*** SUPPLIED INFORMATION ***
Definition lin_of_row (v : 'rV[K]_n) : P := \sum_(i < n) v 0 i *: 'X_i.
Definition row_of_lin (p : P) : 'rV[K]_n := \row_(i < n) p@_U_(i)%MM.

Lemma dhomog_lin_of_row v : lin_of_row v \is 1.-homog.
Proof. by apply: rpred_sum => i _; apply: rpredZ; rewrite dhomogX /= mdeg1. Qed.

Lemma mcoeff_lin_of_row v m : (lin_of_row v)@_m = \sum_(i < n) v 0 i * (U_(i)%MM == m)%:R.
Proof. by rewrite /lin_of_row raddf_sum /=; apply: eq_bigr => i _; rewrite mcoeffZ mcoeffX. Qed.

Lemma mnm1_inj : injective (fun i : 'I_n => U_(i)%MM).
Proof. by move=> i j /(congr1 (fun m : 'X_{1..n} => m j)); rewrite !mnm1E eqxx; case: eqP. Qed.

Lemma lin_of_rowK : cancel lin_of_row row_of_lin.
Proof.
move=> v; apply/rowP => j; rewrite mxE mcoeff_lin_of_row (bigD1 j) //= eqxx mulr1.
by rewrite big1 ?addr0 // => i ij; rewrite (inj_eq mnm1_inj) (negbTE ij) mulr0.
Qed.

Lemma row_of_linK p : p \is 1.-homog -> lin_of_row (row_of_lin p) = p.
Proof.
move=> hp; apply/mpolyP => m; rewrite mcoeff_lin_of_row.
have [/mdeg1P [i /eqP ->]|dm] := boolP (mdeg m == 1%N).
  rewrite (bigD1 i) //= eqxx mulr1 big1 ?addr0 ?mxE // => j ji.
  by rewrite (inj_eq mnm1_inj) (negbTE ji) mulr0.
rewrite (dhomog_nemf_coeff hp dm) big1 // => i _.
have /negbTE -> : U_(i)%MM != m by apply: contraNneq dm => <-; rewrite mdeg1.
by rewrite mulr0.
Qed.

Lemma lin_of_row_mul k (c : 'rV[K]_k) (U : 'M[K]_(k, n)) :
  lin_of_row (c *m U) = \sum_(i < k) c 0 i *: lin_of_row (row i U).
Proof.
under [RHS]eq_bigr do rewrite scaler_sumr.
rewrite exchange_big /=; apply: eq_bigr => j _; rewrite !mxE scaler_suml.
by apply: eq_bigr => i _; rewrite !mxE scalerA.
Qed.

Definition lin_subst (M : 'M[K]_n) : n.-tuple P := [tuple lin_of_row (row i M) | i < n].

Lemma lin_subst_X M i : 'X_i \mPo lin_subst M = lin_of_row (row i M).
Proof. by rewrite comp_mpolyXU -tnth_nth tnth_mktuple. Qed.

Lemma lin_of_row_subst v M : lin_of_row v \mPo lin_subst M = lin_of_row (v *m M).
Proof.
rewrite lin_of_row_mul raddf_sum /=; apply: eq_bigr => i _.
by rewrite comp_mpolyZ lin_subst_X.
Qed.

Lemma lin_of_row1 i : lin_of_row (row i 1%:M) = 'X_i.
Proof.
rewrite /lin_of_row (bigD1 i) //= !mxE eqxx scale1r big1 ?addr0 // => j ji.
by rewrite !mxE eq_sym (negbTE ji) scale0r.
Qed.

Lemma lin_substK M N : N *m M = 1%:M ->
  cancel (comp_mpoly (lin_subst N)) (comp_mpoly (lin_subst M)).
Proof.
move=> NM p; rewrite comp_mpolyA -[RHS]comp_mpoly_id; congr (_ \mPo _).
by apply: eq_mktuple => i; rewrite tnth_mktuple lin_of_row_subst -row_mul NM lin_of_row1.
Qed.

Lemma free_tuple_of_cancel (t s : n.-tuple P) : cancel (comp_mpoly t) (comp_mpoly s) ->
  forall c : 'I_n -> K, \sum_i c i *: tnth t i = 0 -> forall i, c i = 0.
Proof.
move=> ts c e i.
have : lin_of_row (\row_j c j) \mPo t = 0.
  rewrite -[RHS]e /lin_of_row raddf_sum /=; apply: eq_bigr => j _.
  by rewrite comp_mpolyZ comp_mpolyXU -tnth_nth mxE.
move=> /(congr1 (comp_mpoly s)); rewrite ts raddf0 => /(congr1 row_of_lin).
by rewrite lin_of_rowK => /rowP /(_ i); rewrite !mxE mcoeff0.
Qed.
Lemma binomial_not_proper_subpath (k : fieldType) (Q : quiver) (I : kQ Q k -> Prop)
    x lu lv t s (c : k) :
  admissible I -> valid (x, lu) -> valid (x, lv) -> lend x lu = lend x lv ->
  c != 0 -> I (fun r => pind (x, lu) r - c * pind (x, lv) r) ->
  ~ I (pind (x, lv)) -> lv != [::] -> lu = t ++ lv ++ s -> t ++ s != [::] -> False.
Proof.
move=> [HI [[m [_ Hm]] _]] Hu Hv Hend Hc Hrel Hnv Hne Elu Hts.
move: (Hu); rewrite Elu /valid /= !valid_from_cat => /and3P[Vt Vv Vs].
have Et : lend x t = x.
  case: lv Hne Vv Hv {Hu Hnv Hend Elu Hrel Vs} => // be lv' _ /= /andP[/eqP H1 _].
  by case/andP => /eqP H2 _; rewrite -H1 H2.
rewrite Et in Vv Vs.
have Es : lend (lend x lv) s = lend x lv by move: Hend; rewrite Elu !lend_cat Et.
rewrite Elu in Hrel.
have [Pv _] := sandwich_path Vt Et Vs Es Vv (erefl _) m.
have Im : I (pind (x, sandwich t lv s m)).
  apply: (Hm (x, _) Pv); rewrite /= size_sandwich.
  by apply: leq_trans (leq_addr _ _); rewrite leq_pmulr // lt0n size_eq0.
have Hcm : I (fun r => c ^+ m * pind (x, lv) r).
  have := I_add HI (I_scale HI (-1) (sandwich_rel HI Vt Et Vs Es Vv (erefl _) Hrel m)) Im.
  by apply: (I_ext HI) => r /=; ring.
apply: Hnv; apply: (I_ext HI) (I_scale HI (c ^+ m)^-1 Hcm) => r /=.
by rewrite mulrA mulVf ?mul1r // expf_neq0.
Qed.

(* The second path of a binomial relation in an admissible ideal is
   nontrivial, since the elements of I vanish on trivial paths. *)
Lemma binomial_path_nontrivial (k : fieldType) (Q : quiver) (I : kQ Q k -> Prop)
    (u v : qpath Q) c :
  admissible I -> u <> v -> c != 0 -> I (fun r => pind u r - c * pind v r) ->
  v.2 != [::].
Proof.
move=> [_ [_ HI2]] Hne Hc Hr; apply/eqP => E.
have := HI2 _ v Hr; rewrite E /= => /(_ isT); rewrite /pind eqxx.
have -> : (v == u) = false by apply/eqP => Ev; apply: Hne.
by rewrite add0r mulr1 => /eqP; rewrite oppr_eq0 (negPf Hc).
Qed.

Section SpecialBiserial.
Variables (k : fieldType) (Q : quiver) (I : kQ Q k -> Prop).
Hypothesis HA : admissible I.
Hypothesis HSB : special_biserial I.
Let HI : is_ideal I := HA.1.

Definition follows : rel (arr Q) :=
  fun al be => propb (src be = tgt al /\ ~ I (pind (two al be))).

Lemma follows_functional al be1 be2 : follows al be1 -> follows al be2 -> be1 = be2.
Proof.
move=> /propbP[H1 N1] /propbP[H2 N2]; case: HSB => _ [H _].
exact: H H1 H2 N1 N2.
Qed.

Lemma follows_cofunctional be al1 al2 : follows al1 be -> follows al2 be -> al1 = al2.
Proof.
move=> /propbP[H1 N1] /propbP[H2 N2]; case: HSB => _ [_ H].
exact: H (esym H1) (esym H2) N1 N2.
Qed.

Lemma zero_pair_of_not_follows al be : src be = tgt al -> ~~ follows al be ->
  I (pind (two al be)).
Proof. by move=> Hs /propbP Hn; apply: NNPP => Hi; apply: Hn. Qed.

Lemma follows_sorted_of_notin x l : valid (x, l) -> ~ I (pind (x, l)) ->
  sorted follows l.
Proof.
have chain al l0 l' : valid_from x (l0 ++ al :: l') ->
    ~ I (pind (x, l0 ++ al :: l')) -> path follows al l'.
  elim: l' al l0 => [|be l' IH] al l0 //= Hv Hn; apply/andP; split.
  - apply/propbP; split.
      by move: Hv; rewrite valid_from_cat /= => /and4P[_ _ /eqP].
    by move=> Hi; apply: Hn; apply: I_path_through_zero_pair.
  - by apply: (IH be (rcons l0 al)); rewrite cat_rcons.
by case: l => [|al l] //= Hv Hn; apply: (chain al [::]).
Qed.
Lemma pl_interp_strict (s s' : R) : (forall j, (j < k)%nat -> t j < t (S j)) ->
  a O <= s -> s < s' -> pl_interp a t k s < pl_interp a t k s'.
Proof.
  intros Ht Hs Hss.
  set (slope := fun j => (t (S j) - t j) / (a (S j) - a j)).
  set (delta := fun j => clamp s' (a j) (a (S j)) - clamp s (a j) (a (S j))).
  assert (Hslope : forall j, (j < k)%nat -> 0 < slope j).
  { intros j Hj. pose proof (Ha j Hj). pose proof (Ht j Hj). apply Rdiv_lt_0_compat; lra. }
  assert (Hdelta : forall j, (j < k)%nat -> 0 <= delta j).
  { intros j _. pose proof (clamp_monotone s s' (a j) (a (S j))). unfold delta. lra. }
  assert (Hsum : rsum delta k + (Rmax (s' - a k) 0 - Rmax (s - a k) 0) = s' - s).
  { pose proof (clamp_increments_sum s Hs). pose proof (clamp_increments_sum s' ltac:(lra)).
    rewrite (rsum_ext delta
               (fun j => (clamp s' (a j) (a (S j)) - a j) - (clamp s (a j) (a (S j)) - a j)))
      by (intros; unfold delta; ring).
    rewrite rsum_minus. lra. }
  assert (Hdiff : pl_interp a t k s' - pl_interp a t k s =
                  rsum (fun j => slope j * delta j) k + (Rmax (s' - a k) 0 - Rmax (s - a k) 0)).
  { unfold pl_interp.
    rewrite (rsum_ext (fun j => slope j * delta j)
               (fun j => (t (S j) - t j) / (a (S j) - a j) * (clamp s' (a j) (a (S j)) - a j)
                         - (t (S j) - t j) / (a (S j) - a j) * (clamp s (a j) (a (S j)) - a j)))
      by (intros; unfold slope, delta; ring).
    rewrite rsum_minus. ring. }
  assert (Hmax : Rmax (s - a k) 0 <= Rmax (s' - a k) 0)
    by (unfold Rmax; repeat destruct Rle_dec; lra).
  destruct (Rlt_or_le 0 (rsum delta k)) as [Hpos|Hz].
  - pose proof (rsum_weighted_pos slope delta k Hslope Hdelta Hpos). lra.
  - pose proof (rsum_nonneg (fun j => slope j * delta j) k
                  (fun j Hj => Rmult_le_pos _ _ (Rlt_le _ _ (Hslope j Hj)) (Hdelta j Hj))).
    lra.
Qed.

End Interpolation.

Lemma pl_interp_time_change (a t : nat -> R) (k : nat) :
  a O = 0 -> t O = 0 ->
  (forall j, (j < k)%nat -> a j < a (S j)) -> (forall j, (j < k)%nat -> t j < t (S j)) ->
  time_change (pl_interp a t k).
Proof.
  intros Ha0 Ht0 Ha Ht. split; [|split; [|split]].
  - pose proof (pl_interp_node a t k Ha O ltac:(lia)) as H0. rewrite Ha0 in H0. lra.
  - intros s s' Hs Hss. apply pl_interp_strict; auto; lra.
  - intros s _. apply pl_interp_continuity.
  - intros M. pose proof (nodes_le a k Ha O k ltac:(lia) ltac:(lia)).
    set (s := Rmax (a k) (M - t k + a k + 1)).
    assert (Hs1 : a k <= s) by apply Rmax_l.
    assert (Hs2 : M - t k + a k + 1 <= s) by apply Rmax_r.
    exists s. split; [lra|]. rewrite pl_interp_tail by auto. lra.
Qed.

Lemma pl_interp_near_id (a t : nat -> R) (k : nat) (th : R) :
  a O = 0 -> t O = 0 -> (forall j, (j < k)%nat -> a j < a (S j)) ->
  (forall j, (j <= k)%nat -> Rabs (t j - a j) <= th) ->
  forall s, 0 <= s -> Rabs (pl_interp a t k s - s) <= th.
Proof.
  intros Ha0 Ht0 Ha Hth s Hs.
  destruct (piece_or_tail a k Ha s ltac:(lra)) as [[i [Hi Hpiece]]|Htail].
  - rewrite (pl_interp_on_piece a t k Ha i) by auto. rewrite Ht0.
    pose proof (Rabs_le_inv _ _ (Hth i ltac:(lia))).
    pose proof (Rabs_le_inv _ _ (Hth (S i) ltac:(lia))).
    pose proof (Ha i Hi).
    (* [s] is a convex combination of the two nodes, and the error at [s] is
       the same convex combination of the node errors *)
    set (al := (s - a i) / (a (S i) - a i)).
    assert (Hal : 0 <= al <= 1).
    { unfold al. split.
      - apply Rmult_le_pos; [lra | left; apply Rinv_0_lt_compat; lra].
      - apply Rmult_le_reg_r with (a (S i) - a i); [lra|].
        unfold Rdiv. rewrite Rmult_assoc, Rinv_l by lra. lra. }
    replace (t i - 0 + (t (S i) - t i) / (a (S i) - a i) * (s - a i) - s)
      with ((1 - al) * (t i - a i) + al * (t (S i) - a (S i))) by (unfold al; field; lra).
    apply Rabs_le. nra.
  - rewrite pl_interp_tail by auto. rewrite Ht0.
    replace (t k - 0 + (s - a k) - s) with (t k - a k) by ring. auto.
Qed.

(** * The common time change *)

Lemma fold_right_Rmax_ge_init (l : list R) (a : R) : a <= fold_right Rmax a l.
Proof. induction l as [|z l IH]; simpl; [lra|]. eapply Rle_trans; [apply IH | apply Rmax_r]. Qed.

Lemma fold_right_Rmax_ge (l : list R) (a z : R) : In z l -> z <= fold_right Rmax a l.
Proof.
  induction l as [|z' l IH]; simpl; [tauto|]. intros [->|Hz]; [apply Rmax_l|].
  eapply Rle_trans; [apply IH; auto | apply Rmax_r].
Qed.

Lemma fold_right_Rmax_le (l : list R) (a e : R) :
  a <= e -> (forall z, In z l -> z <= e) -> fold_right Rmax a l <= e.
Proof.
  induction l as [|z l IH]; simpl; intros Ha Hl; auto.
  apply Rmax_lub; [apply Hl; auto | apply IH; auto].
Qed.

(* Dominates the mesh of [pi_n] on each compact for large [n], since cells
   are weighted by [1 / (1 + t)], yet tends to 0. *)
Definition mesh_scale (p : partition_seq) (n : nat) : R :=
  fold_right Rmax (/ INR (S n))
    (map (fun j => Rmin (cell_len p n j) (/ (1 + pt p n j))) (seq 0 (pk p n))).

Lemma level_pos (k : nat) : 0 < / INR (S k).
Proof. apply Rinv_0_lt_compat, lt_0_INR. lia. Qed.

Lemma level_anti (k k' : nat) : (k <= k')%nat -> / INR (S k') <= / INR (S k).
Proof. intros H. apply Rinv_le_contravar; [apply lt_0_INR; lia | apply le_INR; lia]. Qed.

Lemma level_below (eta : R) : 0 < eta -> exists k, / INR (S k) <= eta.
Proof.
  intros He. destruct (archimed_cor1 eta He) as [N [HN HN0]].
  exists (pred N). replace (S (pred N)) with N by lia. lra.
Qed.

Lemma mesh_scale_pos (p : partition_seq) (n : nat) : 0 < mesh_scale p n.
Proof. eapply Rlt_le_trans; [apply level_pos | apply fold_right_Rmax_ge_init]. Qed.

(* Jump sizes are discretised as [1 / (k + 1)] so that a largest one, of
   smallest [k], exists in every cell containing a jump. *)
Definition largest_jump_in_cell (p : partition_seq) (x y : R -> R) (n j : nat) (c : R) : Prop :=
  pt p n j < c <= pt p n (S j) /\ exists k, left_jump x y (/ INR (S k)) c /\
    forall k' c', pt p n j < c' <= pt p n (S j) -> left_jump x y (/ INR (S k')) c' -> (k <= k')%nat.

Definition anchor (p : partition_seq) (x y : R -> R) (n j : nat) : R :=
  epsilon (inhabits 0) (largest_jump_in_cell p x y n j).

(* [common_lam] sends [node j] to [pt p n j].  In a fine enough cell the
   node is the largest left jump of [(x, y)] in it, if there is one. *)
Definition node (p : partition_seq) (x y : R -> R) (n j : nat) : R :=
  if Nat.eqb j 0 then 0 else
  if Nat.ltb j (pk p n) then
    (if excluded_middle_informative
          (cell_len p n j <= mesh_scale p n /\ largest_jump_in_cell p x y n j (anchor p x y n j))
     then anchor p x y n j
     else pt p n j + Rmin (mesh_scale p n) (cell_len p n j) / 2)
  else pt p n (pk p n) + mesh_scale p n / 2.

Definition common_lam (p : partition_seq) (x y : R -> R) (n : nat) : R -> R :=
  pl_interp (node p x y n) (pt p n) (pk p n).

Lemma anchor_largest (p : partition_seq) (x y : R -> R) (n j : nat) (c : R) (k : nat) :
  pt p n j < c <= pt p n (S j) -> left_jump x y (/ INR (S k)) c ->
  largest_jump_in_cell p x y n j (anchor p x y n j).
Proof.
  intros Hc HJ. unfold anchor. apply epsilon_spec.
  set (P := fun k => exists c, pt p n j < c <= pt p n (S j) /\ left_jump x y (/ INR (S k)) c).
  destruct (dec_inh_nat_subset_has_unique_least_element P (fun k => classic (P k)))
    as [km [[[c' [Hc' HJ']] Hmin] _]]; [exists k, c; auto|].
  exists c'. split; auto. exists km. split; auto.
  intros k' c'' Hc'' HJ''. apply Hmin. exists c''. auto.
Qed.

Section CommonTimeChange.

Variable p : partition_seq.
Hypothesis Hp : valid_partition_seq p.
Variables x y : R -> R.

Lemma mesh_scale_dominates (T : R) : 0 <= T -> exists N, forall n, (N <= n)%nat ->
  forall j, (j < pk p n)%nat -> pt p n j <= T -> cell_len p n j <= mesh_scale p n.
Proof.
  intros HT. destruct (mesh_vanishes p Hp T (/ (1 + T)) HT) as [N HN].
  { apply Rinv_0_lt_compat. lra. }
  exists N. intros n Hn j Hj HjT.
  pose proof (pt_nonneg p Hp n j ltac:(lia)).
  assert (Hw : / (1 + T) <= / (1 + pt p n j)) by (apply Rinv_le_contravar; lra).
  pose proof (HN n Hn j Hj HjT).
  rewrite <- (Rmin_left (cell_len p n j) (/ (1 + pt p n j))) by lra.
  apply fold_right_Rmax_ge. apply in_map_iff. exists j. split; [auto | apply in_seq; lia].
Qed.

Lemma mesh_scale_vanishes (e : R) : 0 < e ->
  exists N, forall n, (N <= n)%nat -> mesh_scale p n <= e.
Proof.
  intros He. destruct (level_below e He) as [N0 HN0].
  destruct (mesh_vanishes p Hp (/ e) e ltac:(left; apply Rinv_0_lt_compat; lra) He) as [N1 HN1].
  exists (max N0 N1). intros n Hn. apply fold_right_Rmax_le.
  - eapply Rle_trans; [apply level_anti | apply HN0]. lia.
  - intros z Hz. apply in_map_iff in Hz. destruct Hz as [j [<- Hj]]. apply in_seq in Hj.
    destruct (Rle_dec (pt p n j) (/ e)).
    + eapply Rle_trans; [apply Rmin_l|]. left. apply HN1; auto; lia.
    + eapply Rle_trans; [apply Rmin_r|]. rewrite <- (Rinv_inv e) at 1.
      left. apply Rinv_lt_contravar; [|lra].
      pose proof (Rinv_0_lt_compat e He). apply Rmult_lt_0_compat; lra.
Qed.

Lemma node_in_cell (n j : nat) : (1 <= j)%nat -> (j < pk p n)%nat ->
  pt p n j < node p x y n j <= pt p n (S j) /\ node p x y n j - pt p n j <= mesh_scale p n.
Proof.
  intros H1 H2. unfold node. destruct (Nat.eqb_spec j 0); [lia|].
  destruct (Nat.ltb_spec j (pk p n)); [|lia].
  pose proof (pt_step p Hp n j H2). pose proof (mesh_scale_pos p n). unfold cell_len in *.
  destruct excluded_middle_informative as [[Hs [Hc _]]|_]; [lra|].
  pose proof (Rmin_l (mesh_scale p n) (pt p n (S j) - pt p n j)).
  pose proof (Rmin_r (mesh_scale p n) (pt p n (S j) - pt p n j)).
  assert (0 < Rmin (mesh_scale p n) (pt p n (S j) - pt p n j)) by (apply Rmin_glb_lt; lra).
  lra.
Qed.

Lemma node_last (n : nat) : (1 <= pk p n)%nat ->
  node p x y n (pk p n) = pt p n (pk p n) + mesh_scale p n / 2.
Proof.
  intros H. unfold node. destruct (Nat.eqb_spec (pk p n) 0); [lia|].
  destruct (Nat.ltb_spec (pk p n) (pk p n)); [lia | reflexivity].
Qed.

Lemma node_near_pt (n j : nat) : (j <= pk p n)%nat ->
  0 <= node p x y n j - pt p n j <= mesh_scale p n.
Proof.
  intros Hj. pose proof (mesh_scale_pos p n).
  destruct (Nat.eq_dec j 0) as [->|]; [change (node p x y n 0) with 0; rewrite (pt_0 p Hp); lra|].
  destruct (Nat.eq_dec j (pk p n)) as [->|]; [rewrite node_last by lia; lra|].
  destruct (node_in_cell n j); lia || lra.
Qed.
*** End of SUPPLIED INFORMATION ***
(GOAL OF THE EXERCISE) In exact wording, restate the lines of the data above from the first through the one holding "Proof. by apply: rpred_sum", and stop after that line.

(SOLVED PROBLEM)
Definition lin_of_row (v : 'rV[K]_n) : P := \sum_(i < n) v 0 i *: 'X_i.
Definition row_of_lin (p : P) : 'rV[K]_n := \row_(i < n) p@_U_(i)%MM.

Lemma dhomog_lin_of_row v : lin_of_row v \is 1.-homog.
Proof. by apply: rpred_sum => i _; apply: rpredZ; rewrite dhomogX /= mdeg1. Qed.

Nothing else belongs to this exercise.